### Exercise material
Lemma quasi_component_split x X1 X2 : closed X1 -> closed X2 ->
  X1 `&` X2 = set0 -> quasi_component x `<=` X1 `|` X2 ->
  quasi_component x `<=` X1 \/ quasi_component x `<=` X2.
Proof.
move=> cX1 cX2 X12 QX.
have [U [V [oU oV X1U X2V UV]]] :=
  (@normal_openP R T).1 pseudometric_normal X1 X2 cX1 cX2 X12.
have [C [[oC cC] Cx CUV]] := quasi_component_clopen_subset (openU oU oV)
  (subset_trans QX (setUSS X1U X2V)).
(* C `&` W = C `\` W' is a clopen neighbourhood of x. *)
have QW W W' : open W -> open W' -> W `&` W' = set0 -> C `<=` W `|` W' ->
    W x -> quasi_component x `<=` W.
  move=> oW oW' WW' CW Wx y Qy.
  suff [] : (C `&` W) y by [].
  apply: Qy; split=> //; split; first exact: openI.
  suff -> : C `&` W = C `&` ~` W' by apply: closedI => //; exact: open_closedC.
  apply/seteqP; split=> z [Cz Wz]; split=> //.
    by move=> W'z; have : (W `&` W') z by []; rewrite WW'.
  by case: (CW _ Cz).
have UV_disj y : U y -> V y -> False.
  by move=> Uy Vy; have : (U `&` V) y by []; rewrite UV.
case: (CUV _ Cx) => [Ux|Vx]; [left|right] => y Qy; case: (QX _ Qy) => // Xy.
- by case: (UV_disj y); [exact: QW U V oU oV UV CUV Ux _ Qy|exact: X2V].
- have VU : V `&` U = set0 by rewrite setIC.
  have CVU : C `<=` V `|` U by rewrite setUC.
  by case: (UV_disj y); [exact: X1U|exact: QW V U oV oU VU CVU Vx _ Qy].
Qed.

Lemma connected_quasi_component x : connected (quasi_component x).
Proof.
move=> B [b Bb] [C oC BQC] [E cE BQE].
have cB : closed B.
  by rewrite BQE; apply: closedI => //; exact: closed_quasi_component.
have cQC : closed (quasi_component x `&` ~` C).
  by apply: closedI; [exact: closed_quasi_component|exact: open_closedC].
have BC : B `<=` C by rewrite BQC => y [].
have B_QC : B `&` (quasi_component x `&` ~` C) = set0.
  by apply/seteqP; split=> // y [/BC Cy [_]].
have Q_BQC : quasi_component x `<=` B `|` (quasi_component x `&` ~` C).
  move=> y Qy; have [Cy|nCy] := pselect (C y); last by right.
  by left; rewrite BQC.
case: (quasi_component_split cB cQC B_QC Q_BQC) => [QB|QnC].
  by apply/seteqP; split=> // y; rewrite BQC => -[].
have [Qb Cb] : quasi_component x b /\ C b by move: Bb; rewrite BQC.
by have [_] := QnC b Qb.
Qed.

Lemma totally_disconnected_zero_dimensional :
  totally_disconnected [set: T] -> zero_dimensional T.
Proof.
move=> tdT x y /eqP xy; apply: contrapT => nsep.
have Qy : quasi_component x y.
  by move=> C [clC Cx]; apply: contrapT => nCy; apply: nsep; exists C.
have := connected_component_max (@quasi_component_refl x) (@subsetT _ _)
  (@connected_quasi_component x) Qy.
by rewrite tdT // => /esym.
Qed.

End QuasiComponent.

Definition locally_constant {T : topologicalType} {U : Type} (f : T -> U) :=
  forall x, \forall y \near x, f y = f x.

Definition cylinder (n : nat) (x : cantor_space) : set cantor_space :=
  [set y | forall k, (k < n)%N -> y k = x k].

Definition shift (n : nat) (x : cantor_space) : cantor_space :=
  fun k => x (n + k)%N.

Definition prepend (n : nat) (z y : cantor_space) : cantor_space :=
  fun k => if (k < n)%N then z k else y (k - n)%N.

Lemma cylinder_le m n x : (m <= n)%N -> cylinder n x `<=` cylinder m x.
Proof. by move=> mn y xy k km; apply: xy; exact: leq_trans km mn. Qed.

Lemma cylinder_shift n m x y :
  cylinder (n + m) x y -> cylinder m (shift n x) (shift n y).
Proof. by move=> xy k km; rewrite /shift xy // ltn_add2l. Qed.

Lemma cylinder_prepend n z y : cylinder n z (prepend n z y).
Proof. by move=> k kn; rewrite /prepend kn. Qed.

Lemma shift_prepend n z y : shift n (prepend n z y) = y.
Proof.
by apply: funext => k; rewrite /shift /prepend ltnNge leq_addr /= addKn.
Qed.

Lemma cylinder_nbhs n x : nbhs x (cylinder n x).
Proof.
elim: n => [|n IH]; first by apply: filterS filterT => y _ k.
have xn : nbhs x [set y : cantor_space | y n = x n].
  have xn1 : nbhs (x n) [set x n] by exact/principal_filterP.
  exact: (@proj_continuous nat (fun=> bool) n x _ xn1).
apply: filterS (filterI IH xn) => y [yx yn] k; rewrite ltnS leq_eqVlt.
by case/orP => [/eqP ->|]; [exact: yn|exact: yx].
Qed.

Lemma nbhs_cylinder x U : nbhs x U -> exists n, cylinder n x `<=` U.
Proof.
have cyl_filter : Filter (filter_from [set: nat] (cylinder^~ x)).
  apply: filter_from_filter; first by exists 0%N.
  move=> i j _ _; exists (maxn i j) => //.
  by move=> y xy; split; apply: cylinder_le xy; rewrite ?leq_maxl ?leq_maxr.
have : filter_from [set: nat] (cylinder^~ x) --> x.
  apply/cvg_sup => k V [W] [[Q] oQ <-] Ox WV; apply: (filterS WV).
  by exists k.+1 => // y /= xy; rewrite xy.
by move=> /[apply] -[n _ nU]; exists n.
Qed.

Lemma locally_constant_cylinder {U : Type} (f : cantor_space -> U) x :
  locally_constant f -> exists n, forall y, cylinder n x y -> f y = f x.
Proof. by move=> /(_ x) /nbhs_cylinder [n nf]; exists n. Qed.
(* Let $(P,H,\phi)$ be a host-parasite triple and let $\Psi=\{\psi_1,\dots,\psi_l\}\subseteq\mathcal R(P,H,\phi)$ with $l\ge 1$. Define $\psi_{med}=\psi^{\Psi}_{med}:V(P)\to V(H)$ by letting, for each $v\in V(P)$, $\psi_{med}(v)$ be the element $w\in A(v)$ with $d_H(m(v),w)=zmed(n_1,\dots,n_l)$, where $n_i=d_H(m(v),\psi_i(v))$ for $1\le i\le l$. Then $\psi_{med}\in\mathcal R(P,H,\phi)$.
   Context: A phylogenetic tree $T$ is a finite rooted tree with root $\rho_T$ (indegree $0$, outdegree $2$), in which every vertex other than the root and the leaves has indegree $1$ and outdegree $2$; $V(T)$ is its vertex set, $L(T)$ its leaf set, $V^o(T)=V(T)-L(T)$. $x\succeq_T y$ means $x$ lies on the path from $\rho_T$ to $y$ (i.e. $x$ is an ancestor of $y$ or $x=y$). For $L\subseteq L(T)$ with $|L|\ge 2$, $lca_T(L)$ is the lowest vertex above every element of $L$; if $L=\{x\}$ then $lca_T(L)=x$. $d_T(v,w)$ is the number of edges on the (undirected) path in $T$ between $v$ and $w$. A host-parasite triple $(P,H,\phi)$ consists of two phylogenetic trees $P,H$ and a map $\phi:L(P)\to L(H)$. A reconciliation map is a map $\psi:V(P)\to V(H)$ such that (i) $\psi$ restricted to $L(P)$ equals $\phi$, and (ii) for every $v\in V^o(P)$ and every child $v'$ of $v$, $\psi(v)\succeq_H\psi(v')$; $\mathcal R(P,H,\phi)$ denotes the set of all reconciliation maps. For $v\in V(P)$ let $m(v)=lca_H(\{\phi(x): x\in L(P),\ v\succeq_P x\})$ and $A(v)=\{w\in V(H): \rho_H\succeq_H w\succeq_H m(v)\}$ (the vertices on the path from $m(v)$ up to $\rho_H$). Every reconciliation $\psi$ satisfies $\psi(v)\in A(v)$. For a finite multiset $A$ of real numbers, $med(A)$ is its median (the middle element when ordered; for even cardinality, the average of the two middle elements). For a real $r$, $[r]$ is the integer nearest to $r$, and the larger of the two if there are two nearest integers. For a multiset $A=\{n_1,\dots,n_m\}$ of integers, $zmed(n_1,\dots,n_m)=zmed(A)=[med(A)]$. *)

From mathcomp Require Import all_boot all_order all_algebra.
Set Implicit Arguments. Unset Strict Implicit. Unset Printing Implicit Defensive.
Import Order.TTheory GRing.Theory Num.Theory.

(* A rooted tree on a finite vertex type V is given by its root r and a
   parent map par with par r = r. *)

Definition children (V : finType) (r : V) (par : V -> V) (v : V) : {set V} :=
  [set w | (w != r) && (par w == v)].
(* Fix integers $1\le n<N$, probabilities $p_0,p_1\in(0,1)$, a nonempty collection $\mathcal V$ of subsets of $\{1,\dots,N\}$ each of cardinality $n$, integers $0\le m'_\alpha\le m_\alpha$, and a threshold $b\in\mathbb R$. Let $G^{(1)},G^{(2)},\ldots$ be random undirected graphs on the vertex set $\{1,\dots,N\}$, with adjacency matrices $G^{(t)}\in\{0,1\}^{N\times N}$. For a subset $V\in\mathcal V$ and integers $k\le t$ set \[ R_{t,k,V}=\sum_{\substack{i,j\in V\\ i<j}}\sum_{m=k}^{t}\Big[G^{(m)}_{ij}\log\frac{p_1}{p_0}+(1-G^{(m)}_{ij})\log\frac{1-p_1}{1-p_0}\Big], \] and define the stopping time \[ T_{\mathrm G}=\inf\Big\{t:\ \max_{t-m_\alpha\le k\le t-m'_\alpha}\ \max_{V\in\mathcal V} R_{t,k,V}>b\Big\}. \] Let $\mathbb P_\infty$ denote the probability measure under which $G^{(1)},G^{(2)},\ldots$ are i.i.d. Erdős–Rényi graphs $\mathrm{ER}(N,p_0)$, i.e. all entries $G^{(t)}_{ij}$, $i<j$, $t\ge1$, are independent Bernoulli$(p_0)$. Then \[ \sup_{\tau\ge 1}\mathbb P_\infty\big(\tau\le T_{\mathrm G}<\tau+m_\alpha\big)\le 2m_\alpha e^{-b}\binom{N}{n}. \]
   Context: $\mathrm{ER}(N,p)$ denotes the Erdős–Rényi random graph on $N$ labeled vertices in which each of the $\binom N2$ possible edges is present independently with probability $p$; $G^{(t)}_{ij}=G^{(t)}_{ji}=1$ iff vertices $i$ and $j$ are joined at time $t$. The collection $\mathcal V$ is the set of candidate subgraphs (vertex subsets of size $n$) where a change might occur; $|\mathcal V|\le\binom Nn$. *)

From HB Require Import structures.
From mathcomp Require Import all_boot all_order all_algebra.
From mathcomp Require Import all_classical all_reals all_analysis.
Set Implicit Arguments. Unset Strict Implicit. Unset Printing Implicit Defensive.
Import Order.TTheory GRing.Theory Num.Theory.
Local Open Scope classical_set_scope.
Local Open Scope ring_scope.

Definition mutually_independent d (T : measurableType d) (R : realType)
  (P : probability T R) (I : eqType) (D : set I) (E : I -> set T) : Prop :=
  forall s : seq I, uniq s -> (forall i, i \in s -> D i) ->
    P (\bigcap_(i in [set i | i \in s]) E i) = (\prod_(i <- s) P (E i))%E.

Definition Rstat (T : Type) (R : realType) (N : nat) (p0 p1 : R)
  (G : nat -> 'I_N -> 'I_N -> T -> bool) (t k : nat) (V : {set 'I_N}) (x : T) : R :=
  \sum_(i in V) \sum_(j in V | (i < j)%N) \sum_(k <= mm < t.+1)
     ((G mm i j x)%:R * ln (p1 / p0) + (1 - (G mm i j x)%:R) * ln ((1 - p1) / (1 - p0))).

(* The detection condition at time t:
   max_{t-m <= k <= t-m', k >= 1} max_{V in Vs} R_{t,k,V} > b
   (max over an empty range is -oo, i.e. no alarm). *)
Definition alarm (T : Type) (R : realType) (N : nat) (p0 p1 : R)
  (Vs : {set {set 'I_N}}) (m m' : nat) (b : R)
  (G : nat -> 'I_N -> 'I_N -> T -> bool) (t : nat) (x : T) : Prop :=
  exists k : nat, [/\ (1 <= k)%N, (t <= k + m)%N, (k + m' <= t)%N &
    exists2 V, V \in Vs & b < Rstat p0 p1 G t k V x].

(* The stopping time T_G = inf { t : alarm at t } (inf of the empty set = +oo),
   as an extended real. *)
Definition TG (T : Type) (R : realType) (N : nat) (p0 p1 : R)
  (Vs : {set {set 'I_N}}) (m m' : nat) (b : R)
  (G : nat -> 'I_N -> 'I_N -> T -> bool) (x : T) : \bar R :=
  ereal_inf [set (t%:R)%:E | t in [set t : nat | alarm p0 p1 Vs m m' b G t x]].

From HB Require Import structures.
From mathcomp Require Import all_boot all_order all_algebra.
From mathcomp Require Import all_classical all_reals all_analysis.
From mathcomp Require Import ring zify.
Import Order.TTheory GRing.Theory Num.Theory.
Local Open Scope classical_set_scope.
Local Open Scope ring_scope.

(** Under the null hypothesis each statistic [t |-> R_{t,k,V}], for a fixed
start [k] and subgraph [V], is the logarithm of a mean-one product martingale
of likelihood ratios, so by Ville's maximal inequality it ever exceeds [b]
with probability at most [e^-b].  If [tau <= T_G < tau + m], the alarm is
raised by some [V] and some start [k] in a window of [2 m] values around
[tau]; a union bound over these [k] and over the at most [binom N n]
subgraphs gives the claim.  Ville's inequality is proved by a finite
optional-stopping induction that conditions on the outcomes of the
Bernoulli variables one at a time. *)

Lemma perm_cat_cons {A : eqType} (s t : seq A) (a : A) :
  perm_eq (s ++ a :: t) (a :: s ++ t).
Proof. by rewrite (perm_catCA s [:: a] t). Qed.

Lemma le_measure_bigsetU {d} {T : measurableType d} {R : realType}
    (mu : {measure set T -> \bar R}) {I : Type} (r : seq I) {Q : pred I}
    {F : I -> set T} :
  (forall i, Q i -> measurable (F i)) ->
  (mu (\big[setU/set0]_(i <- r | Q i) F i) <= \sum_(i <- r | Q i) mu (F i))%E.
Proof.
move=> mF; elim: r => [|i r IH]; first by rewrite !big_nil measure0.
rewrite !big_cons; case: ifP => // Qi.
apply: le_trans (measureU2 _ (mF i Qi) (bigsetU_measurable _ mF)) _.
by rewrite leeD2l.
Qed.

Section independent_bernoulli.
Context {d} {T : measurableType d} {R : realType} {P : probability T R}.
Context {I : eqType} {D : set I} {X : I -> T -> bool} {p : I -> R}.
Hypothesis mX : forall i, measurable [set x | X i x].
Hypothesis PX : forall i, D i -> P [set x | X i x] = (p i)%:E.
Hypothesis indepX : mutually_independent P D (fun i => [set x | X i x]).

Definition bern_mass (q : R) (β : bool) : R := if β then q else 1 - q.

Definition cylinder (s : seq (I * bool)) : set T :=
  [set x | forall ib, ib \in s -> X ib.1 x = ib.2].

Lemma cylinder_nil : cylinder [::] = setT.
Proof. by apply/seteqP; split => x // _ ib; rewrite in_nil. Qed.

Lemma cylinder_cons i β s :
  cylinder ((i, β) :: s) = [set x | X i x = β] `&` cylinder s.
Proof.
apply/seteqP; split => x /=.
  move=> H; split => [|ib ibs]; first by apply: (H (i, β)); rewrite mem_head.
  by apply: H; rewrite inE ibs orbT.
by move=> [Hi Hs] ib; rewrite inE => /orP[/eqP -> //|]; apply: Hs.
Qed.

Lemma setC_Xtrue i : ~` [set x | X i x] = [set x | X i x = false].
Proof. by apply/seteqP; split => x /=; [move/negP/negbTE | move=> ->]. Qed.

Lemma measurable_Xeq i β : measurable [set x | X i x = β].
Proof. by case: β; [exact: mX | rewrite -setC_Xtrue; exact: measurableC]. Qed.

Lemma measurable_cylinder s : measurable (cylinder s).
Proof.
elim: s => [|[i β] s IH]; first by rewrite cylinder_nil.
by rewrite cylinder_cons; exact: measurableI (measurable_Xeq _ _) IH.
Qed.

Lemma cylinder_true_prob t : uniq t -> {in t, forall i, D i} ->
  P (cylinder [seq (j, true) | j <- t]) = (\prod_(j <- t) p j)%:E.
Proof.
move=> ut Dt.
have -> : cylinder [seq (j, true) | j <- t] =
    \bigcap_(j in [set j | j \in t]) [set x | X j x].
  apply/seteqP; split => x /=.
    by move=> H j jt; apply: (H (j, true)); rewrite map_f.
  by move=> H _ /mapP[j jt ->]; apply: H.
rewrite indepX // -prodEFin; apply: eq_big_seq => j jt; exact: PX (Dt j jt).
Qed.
######
### Exercise material
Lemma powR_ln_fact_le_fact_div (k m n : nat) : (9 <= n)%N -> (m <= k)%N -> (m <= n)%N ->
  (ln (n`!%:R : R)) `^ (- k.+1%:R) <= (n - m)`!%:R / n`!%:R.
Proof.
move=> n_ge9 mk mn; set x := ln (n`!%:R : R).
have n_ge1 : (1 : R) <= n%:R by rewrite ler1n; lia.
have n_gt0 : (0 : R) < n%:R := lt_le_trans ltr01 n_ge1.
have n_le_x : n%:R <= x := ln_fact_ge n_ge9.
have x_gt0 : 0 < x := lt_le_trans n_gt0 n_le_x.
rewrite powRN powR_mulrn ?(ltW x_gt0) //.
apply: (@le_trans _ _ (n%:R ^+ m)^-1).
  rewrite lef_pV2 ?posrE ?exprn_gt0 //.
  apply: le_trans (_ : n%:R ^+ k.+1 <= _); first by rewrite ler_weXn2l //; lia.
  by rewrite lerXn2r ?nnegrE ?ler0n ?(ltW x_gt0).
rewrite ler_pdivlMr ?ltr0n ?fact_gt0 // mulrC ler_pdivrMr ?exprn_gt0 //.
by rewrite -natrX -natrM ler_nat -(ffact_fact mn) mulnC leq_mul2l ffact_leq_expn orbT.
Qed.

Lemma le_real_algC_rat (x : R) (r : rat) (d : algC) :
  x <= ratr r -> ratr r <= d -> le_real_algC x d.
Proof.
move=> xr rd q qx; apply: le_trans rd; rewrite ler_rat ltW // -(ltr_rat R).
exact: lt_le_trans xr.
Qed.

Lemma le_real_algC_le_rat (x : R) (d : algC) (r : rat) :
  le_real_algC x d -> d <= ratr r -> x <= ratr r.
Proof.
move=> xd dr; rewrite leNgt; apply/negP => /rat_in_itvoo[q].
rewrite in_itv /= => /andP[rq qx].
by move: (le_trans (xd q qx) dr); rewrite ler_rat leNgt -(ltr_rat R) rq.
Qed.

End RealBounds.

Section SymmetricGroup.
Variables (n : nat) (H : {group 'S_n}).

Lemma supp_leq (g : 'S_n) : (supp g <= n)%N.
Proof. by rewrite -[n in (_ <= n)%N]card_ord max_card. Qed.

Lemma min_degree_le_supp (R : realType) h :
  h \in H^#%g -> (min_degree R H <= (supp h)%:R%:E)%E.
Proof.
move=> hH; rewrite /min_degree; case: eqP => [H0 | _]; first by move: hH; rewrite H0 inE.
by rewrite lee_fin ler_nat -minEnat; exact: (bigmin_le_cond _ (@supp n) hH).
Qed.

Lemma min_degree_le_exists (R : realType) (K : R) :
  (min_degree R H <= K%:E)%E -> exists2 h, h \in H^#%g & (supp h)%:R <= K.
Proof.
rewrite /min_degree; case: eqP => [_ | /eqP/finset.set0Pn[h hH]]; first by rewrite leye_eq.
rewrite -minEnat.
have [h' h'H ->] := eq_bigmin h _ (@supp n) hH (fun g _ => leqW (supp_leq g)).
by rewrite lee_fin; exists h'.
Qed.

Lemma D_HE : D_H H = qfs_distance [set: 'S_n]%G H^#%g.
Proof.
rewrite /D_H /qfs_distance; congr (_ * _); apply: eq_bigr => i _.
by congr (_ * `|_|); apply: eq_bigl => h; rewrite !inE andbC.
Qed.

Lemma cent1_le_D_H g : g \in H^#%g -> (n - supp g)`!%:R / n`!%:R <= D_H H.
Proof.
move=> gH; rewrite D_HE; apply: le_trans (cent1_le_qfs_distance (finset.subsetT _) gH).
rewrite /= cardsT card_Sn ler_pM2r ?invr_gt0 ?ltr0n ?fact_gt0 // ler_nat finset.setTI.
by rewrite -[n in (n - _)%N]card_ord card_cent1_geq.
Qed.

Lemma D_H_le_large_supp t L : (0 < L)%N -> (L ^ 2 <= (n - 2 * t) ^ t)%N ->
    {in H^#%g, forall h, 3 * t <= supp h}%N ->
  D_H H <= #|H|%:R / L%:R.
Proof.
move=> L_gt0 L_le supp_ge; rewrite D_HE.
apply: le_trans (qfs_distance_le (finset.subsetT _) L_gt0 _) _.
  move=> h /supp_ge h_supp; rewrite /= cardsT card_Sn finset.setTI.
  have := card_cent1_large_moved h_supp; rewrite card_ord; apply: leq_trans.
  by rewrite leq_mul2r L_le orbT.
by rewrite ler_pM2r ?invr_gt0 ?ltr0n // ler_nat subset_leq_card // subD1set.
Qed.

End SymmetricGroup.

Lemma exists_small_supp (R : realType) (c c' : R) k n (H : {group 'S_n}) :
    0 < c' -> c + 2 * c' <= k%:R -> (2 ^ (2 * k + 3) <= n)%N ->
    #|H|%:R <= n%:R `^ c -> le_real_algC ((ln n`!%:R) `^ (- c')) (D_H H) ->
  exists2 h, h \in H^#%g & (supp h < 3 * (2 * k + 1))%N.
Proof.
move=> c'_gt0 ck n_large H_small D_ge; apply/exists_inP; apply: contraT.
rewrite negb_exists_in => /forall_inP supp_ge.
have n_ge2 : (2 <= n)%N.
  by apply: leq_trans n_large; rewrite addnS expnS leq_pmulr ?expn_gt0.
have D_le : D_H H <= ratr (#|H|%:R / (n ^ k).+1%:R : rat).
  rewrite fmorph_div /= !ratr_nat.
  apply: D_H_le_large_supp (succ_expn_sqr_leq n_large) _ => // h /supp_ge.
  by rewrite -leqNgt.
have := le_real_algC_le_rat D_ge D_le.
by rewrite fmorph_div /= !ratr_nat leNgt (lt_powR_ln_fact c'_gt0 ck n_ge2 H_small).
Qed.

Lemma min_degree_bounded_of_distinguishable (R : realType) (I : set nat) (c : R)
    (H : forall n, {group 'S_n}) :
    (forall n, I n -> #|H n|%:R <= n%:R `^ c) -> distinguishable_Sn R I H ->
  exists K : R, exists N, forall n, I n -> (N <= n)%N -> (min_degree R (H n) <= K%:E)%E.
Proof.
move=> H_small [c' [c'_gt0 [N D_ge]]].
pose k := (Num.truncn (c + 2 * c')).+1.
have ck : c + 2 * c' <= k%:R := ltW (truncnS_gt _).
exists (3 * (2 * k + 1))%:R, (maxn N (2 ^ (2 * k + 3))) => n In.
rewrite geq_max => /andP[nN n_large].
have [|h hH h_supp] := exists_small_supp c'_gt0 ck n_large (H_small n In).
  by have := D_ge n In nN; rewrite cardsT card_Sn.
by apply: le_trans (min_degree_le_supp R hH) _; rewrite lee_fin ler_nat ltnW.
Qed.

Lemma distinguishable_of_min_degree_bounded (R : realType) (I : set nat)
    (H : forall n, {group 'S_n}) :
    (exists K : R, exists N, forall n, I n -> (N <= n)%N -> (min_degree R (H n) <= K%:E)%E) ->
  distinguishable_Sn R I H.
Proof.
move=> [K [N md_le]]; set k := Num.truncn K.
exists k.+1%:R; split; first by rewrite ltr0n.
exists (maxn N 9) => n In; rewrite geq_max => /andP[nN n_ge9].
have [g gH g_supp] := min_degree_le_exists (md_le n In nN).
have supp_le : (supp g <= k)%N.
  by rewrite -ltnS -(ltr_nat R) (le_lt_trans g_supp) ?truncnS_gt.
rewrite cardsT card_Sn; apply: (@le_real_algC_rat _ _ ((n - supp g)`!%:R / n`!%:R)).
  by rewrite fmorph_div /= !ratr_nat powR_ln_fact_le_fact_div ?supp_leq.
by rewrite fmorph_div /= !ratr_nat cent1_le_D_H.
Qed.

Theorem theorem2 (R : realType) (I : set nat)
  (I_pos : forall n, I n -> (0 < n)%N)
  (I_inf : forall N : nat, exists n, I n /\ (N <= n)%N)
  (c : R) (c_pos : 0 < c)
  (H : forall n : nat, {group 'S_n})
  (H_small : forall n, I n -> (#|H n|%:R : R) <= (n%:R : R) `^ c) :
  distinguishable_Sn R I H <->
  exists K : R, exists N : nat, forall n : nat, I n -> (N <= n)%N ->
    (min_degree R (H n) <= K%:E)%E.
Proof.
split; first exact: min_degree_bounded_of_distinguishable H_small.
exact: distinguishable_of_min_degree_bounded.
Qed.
######
• **Goal of the exercise**: Above are some lines. Repeat exactly, and only, those from the line that has "Lemma quasi_component_split x" through the line that has "have cQC : closed".

• **Response for this exercise**:
Lemma quasi_component_split x X1 X2 : closed X1 -> closed X2 ->
  X1 `&` X2 = set0 -> quasi_component x `<=` X1 `|` X2 ->
  quasi_component x `<=` X1 \/ quasi_component x `<=` X2.
Proof.
move=> cX1 cX2 X12 QX.
have [U [V [oU oV X1U X2V UV]]] :=
  (@normal_openP R T).1 pseudometric_normal X1 X2 cX1 cX2 X12.
have [C [[oC cC] Cx CUV]] := quasi_component_clopen_subset (openU oU oV)
  (subset_trans QX (setUSS X1U X2V)).
(* C `&` W = C `\` W' is a clopen neighbourhood of x. *)
have QW W W' : open W -> open W' -> W `&` W' = set0 -> C `<=` W `|` W' ->
    W x -> quasi_component x `<=` W.
  move=> oW oW' WW' CW Wx y Qy.
  suff [] : (C `&` W) y by [].
  apply: Qy; split=> //; split; first exact: openI.
  suff -> : C `&` W = C `&` ~` W' by apply: closedI => //; exact: open_closedC.
  apply/seteqP; split=> z [Cz Wz]; split=> //.
    by move=> W'z; have : (W `&` W') z by []; rewrite WW'.
  by case: (CW _ Cz).
have UV_disj y : U y -> V y -> False.
  by move=> Uy Vy; have : (U `&` V) y by []; rewrite UV.
case: (CUV _ Cx) => [Ux|Vx]; [left|right] => y Qy; case: (QX _ Qy) => // Xy.
- by case: (UV_disj y); [exact: QW U V oU oV UV CUV Ux _ Qy|exact: X2V].
- have VU : V `&` U = set0 by rewrite setIC.
  have CVU : C `<=` V `|` U by rewrite setUC.
  by case: (UV_disj y); [exact: X1U|exact: QW V U oV oU VU CVU Vx _ Qy].
Qed.

Lemma connected_quasi_component x : connected (quasi_component x).
Proof.
move=> B [b Bb] [C oC BQC] [E cE BQE].
have cB : closed B.
  by rewrite BQE; apply: closedI => //; exact: closed_quasi_component.
have cQC : closed (quasi_component x `&` ~` C).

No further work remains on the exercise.